To investigate the tumor eradication capacity and tissue repair ability of Pt-GelMA scaffold for postsurgical tumor treatment, an incomplete resection orthotopic breast tumor mice model was established in vivo. As illustrated in Figure 5(a), 90% of tumor tissues were resected, and the remaining tumor volume was ~30 mm3. The photographs and weights of the resection tumors are shown in Figures 5(b) and 5(c), and the mice were then accordingly divided into surgery, GelMA, and Pt-GelMA treatment groups; it demonstrated that the sectionalization is even. Subsequently, a GelMA or Pt-GelMA scaffold was implanted into the tissue defects after tumor resection and sutured (Figure 5(a)). The mice without scaffold implantation were set as the control. After the different treatments, the mice of each group were weighted every two days, and the body weights were recorded, which were gradually increased from day 2 (Figure 5(d)). Besides, no obvious pathological damage was found in H&E staining of major organs from each group, indicating the excellent in vivo biosafety of the 3D scaffolds (Figure 5(e)).

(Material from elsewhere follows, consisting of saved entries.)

Section ScalarBlocks.
Variable F : fieldType.

(* The 2 x 2 block matrix with scalar blocks, i.e. the Kronecker product of
   a 2 x 2 matrix with the identity of size p. *)
Definition scalar_blocks {p} (a b c d : F) : 'M[F]_(p + p) :=
  block_mx a%:M b%:M c%:M d%:M.

Variable p : nat.

Lemma scalar_blocks_mul a b c d a' b' c' d' :
  scalar_blocks a b c d *m scalar_blocks a' b' c' d' =
  scalar_blocks (a * a' + b * c') (a * b' + b * d') (c * a' + d * c') (c * b' + d * d')
  :> 'M_(p + p).
Proof. by rewrite /scalar_blocks mulmx_block -!scalar_mxM -!raddfD. Qed.

Lemma scalar_blocks_scalar a : scalar_blocks a 0 0 a = a%:M :> 'M_(p + p).
Proof. by rewrite /scalar_blocks raddf0 [RHS]scalar_mx_block. Qed.

Lemma scalar_blocks_comm (M : 'M[F]_p) a b c d :
  scalar_blocks a b c d *m block_mx M 0 0 M = block_mx M 0 0 M *m scalar_blocks a b c d.
Proof. by rewrite /scalar_blocks !mulmx_block !mulmx0 !mul0mx !addr0 !add0r !scalar_mxC. Qed.

End ScalarBlocks.

Section TwinCentralizer.
Variables (F : fieldType) (l : nat).
Local Notation L := l.+1.
Local Notation J := (twin_shift F L).
Implicit Types (C D : 'M[F]_(L + L)) (a b : bool) (k : 'I_L).

Definition ix a k : 'I_(L + L) := if a then rshift L k else lshift L k.

Lemma ixP (i : 'I_(L + L)) : exists a k, i = ix a k.
Proof.
by rewrite -(splitK i); case: (split i) => k; [exists false | exists true]; exists k.
Qed.

Definition side (i : 'I_(L + L)) : bool := (L <= i)%N.
Definition depth (i : 'I_(L + L)) : nat := (i - side i * L)%N.

Lemma side_ix a k : side (ix a k) = a.
Proof. by rewrite /side; case: a => /=; have := ltn_ord k; lia. Qed.

Lemma depth_ix a k : depth (ix a k) = k.
Proof. by rewrite /depth side_ix; case: a => /=; lia. Qed.

Lemma inord0 : inord 0 = ord0 :> 'I_L.
Proof. by apply: val_inj; rewrite /= inordK. Qed.

Lemma twin_ind2 (P : 'I_(L + L) -> 'I_(L + L) -> Prop) :
  (forall a k b k', P (ix a k) (ix b k')) -> forall i j, P i j.
Proof. by move=> Pix i j; have [a [k ->]] := ixP i; have [b [k' ->]] := ixP j. Qed.

(* The leading coefficients of the four Toeplitz blocks. *)
Definition corner C a b : F := C (ix a ord0) (ix b ord0).

(* Each block of a matrix commuting with J commutes with the shift, hence
   is upper triangular Toeplitz. *)
Lemma twin_toeplitz C : C *m J = J *m C -> forall a b k k',
  C (ix a k) (ix b k') = if (k <= k')%N then C (ix a ord0) (ix b (inord (k' - k))) else 0.
Proof.
rewrite /twin_shift -(submxK C) !mulmx_block !mulmx0 !mul0mx !addr0 !add0r.
case/eq_block_mx => ul ur dl dr a b k k'.
have toep := @shift_centralizer_toeplitz F l.
by case: a; case: b; rewrite /ix ?block_mxEul ?block_mxEur ?block_mxEdl ?block_mxEdr;
  [exact: toep _ dr k k' | exact: toep _ dl k k' | exact: toep _ ur k k' | exact: toep _ ul k k'].
Qed.

Lemma twin_support C : C *m J = J *m C -> forall a b k k', C (ix a k) (ix b k') != 0 ->
  (k < k')%N /\ (k' = k.+1 :> nat -> C (ix a ord0) (ix b (inord 1)) != 0)
  \/ k = k' /\ corner C a b != 0.
Proof.
move=> comm a b k k'; rewrite (twin_toeplitz comm).
case: ltngtP => [lt_k|_|eq_k]; [move=> nz; left | by rewrite eqxx | move=> nz; right].
  by split=> // e; rewrite e subSnn in nz.
split; first exact: val_inj.
by rewrite eq_k subnn inord0 in nz.
Qed.

Definition corners {q} C : 'M[F]_(q + q) :=
  scalar_blocks (corner C false false) (corner C false true)
                (corner C true false) (corner C true true).

Lemma twin_below_zero C : C *m J = J *m C ->
  forall a b k, (0 < k)%N -> C (ix a k) (ix b ord0) = 0.
Proof. by move=> comm a b k k_gt0; rewrite (twin_toeplitz comm) leqNgt k_gt0. Qed.

Lemma corner_mul C D : D *m J = J *m D -> forall a b,
  corner (C *m D) a b = corner C a false * corner D false b + corner C a true * corner D true b.
Proof.
move=> comm a b; rewrite /corner mxE big_split_ord /= !big_ord_recl /=.
rewrite !big1 ?addr0 // => i _.
  by rewrite [D _ _](twin_below_zero comm true b (k := lift ord0 i)) ?mulr0.
by rewrite [D _ _](twin_below_zero comm false b (k := lift ord0 i)) ?mulr0.
Qed.

Lemma corners_mul q C D : D *m J = J *m D ->
  corners (C *m D) = corners C *m corners D :> 'M_(q + q).
Proof. by move=> comm; rewrite /corners scalar_blocks_mul !corner_mul. Qed.

Lemma corner_scalar_blocks x y z w a b : corner (scalar_blocks x y z w) a b =
  if a then (if b then w else z) else (if b then y else x).
Proof.
by case: a; case: b;
  rewrite /corner /ix /scalar_blocks ?block_mxEul ?block_mxEur ?block_mxEdl ?block_mxEdr mxE eqxx.
Qed.

Lemma corners_scalar_blocks q x y z w :
  corners (scalar_blocks x y z w) = scalar_blocks x y z w :> 'M_(q + q).
Proof. by rewrite /corners !corner_scalar_blocks. Qed.

Lemma corners_scalar q x : corners x%:M = x%:M :> 'M_(q + q).
Proof. by rewrite -[x%:M in LHS]scalar_blocks_scalar corners_scalar_blocks scalar_blocks_scalar. Qed.

Lemma corners_exp q C m : C *m J = J *m C ->
  corners (C ^+ m) = corners C ^+ m :> 'M_(q + q).
Proof.
move=> comm; elim: m => [|m IH]; first exact: corners_scalar.
by rewrite !exprSr corners_mul // IH.
Qed.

Then, the tumor inhibition and antimetastasis ability of the Pt-GelMA scaffold was further evaluated two weeks after the scaffold implantation. It could be found that the Pt-GelMA scaffolds substantially inhibited the tumor growth, showing the smallest tumor weight and volume, as compared to the uncontrolled growth of tumors in the surgery and GelMA groups (Figures 6(a)–6(c)). Besides, hematoxylin and eosin (H&E) and terminal-deoxynucleoitidyl transferase mediated nick end labeling (TUNEL) staining of the tumor sections indicated that the treatment of Pt-GelMA scaffolds led to the most extensive cellular destruction and apoptosis in comparison with the other two groups (Figures 6(d) and 6(e)). Furthermore, the tumor metastases to lungs were observed from the photographs and H&E staining (Figure 6(f)). The results showed that the Pt-GelMA group had the least metastatic tumor nodules (≈11 per lung) compared with the surgery (≈34 per lung) and GelMA (≈35 per lung) groups (Figure 6(g)), suggesting the evident antimetastasis ability of the Pt-GelMA scaffold.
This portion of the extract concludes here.